[Saved data entries]

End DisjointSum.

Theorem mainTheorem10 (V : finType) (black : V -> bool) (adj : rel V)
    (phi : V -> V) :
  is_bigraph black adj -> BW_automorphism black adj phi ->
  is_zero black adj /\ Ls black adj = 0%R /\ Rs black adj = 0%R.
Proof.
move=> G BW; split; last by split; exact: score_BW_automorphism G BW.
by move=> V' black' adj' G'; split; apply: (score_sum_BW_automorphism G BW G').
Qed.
==
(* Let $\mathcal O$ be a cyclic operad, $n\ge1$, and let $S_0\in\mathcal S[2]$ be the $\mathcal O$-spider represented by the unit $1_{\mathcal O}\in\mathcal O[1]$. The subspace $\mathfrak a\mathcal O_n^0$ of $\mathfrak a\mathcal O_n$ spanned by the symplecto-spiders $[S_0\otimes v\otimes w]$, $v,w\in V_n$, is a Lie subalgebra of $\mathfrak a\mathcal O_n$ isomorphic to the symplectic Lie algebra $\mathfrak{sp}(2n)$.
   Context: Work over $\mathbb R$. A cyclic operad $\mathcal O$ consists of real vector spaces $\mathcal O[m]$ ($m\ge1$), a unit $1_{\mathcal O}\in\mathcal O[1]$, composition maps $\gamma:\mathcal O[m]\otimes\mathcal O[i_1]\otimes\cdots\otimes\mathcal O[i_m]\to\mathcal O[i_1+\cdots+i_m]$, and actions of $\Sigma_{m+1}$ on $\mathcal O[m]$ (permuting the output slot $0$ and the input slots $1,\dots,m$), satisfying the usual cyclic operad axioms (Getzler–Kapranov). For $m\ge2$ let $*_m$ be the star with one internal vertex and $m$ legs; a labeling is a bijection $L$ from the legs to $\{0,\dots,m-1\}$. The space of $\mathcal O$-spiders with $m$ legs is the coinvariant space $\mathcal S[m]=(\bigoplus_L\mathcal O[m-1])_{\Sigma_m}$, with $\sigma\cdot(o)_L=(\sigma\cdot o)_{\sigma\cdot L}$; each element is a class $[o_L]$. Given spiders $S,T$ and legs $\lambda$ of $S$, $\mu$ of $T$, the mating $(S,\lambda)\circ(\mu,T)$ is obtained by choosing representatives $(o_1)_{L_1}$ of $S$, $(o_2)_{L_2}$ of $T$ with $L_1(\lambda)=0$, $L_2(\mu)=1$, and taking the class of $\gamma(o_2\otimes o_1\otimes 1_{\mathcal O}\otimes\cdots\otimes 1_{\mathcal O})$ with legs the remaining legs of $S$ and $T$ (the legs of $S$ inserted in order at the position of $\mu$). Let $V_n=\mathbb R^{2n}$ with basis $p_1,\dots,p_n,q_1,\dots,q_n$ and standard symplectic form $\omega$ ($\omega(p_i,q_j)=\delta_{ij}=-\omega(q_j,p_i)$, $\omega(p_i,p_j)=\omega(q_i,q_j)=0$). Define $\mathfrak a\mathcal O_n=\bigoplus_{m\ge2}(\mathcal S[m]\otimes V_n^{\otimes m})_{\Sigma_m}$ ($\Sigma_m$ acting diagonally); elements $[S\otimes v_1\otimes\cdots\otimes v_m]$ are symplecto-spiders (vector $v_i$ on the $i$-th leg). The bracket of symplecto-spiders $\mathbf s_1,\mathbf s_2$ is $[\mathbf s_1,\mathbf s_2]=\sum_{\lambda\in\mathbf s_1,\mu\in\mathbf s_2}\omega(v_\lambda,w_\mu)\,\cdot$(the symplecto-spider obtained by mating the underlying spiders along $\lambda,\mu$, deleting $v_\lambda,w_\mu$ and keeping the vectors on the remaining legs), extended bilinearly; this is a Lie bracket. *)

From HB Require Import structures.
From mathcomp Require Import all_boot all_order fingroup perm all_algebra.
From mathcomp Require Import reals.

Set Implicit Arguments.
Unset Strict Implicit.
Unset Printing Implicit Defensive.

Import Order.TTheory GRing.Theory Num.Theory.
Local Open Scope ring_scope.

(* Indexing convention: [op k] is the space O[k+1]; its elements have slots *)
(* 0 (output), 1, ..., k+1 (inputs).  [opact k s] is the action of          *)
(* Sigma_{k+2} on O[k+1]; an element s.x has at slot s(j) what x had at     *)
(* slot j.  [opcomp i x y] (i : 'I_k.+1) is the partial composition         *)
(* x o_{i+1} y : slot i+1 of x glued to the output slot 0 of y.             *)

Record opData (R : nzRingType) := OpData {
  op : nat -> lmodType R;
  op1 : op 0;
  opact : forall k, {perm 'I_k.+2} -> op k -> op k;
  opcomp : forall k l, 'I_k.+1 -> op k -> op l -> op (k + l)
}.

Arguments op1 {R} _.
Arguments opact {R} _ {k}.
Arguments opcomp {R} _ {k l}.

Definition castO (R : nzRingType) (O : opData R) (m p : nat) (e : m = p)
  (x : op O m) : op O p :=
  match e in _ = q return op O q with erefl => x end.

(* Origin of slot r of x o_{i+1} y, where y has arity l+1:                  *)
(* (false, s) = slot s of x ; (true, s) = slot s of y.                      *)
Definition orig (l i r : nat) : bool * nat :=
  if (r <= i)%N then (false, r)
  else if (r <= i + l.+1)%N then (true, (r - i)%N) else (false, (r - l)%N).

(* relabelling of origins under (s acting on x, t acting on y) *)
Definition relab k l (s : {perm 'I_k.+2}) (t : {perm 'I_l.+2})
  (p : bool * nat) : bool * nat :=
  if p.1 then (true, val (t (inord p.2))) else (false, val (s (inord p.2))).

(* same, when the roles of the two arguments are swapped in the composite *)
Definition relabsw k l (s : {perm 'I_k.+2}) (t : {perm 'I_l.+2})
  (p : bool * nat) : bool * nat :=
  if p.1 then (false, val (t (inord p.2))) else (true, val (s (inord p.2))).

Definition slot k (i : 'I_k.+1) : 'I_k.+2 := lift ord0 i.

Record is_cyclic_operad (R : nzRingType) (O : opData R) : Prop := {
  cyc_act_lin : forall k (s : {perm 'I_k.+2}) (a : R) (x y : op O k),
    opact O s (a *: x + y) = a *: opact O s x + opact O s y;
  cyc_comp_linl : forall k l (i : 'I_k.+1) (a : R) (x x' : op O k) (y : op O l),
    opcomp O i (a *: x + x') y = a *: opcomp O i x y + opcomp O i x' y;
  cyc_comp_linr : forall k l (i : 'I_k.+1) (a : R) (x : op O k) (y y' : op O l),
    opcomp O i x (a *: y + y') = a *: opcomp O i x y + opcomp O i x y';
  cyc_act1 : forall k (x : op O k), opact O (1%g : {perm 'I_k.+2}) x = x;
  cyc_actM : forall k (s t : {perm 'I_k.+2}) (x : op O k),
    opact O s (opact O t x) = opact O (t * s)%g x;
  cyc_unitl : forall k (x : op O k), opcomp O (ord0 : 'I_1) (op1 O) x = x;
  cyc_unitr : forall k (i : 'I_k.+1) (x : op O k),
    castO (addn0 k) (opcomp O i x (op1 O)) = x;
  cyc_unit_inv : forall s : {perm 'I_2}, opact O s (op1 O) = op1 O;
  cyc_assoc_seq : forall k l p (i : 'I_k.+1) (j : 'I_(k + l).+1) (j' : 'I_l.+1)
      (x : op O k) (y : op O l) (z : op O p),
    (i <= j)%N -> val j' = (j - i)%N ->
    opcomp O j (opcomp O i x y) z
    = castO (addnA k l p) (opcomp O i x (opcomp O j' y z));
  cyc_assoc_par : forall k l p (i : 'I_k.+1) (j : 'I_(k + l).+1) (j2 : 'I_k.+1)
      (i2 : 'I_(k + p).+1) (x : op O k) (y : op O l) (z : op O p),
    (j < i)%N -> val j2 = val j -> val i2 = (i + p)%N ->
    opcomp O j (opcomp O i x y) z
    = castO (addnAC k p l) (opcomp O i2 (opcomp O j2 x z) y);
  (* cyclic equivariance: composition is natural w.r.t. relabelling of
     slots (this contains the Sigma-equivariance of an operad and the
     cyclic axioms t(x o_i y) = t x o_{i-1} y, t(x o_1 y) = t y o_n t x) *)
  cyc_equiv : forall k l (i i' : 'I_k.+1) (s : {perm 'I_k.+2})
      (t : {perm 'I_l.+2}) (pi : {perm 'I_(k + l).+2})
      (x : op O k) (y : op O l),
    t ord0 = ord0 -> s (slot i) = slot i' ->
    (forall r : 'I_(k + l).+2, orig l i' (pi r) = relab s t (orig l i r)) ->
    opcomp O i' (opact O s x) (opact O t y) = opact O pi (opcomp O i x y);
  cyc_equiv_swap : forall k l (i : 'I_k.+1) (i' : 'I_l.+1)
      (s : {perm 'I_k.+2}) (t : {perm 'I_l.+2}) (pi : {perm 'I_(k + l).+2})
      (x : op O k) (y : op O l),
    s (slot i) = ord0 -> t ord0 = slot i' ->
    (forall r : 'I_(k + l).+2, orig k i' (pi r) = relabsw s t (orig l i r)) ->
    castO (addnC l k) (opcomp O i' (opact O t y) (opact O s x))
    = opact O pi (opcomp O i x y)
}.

*THE TASK*: Which of the lines above mention the word "relabsw"? Pull those lines out.

*RESPONSE*:
Definition relabsw k l (s : {perm 'I_k.+2}) (t : {perm 'I_l.+2})
    (forall r : 'I_(k + l).+2, orig k i' (pi r) = relabsw s t (orig l i r)) ->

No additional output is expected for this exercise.